The task: Write out again, please, the records below from the first line to the line holding "From mathcomp Require Import complex.", inclusive, and nothing else.
Records supplied Start Marker
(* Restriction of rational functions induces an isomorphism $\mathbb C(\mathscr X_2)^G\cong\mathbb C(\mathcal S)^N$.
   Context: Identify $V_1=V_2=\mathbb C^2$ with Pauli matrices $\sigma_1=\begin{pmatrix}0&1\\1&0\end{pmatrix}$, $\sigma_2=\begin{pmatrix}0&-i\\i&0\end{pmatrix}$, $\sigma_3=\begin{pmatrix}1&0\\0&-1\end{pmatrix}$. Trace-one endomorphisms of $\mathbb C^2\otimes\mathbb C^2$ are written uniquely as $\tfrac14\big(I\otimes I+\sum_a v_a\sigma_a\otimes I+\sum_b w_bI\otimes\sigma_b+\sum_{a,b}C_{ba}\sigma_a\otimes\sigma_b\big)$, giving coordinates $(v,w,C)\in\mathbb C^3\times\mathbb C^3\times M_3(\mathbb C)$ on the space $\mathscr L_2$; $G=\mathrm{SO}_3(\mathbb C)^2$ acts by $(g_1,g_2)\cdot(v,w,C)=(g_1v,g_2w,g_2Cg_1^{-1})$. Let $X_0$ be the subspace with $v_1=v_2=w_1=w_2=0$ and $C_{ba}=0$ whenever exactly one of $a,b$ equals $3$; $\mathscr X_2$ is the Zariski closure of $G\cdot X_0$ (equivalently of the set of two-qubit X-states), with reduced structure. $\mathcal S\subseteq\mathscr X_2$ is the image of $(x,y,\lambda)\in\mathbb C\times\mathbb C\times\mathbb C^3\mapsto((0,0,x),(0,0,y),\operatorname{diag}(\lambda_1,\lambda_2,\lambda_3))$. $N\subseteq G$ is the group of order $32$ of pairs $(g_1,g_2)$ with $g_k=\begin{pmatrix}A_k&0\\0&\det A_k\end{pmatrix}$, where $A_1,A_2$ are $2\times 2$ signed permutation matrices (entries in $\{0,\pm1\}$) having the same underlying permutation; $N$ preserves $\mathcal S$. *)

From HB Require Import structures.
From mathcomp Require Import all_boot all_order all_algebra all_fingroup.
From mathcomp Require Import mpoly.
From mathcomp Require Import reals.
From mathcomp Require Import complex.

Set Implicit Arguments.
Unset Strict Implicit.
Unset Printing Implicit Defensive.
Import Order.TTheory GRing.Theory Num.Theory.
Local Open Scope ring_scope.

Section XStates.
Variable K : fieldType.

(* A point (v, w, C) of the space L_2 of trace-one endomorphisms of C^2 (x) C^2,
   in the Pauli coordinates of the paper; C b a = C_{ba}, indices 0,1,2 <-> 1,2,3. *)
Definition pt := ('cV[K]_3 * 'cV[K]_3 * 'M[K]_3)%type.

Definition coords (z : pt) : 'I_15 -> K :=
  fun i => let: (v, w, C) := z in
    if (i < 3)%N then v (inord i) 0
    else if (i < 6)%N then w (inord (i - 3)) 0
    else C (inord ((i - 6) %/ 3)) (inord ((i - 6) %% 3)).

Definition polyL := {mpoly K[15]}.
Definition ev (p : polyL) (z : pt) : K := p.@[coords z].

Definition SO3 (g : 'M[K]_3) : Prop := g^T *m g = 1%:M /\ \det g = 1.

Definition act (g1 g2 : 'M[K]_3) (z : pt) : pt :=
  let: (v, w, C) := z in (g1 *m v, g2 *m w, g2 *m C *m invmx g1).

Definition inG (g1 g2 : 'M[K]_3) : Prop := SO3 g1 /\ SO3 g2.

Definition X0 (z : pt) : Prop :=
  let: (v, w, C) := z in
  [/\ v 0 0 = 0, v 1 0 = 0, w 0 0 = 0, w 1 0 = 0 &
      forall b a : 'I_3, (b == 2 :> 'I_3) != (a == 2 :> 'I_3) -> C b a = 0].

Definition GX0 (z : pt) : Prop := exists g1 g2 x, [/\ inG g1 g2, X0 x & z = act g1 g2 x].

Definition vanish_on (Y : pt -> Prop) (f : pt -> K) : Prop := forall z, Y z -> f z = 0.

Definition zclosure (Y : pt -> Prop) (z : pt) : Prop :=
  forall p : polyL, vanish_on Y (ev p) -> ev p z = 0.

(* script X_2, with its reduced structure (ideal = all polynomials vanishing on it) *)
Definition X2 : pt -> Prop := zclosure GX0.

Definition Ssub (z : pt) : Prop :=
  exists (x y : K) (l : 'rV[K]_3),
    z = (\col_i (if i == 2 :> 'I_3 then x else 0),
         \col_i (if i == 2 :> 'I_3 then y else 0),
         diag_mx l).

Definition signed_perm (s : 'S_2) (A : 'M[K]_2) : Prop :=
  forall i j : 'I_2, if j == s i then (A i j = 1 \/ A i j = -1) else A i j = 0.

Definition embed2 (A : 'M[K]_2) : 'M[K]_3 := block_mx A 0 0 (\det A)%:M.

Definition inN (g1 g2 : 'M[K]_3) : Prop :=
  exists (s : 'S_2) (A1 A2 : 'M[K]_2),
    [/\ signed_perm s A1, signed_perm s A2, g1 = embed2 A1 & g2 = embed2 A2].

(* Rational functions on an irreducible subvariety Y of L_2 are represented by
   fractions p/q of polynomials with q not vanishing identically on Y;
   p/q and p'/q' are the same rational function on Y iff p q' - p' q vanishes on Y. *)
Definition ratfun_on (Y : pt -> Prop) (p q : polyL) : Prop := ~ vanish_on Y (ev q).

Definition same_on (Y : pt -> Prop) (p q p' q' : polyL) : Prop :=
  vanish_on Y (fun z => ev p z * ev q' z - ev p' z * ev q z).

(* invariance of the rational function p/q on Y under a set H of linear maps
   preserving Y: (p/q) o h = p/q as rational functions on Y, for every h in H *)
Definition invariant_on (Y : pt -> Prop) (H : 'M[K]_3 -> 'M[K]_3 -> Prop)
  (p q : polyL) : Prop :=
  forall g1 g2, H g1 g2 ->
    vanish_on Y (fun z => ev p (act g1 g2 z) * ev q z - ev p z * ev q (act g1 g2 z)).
Records supplied End Marker
Response area:
(* Restriction of rational functions induces an isomorphism $\mathbb C(\mathscr X_2)^G\cong\mathbb C(\mathcal S)^N$.
   Context: Identify $V_1=V_2=\mathbb C^2$ with Pauli matrices $\sigma_1=\begin{pmatrix}0&1\\1&0\end{pmatrix}$, $\sigma_2=\begin{pmatrix}0&-i\\i&0\end{pmatrix}$, $\sigma_3=\begin{pmatrix}1&0\\0&-1\end{pmatrix}$. Trace-one endomorphisms of $\mathbb C^2\otimes\mathbb C^2$ are written uniquely as $\tfrac14\big(I\otimes I+\sum_a v_a\sigma_a\otimes I+\sum_b w_bI\otimes\sigma_b+\sum_{a,b}C_{ba}\sigma_a\otimes\sigma_b\big)$, giving coordinates $(v,w,C)\in\mathbb C^3\times\mathbb C^3\times M_3(\mathbb C)$ on the space $\mathscr L_2$; $G=\mathrm{SO}_3(\mathbb C)^2$ acts by $(g_1,g_2)\cdot(v,w,C)=(g_1v,g_2w,g_2Cg_1^{-1})$. Let $X_0$ be the subspace with $v_1=v_2=w_1=w_2=0$ and $C_{ba}=0$ whenever exactly one of $a,b$ equals $3$; $\mathscr X_2$ is the Zariski closure of $G\cdot X_0$ (equivalently of the set of two-qubit X-states), with reduced structure. $\mathcal S\subseteq\mathscr X_2$ is the image of $(x,y,\lambda)\in\mathbb C\times\mathbb C\times\mathbb C^3\mapsto((0,0,x),(0,0,y),\operatorname{diag}(\lambda_1,\lambda_2,\lambda_3))$. $N\subseteq G$ is the group of order $32$ of pairs $(g_1,g_2)$ with $g_k=\begin{pmatrix}A_k&0\\0&\det A_k\end{pmatrix}$, where $A_1,A_2$ are $2\times 2$ signed permutation matrices (entries in $\{0,\pm1\}$) having the same underlying permutation; $N$ preserves $\mathcal S$. *)

From HB Require Import structures.
From mathcomp Require Import all_boot all_order all_algebra all_fingroup.
From mathcomp Require Import mpoly.
From mathcomp Require Import reals.
From mathcomp Require Import complex.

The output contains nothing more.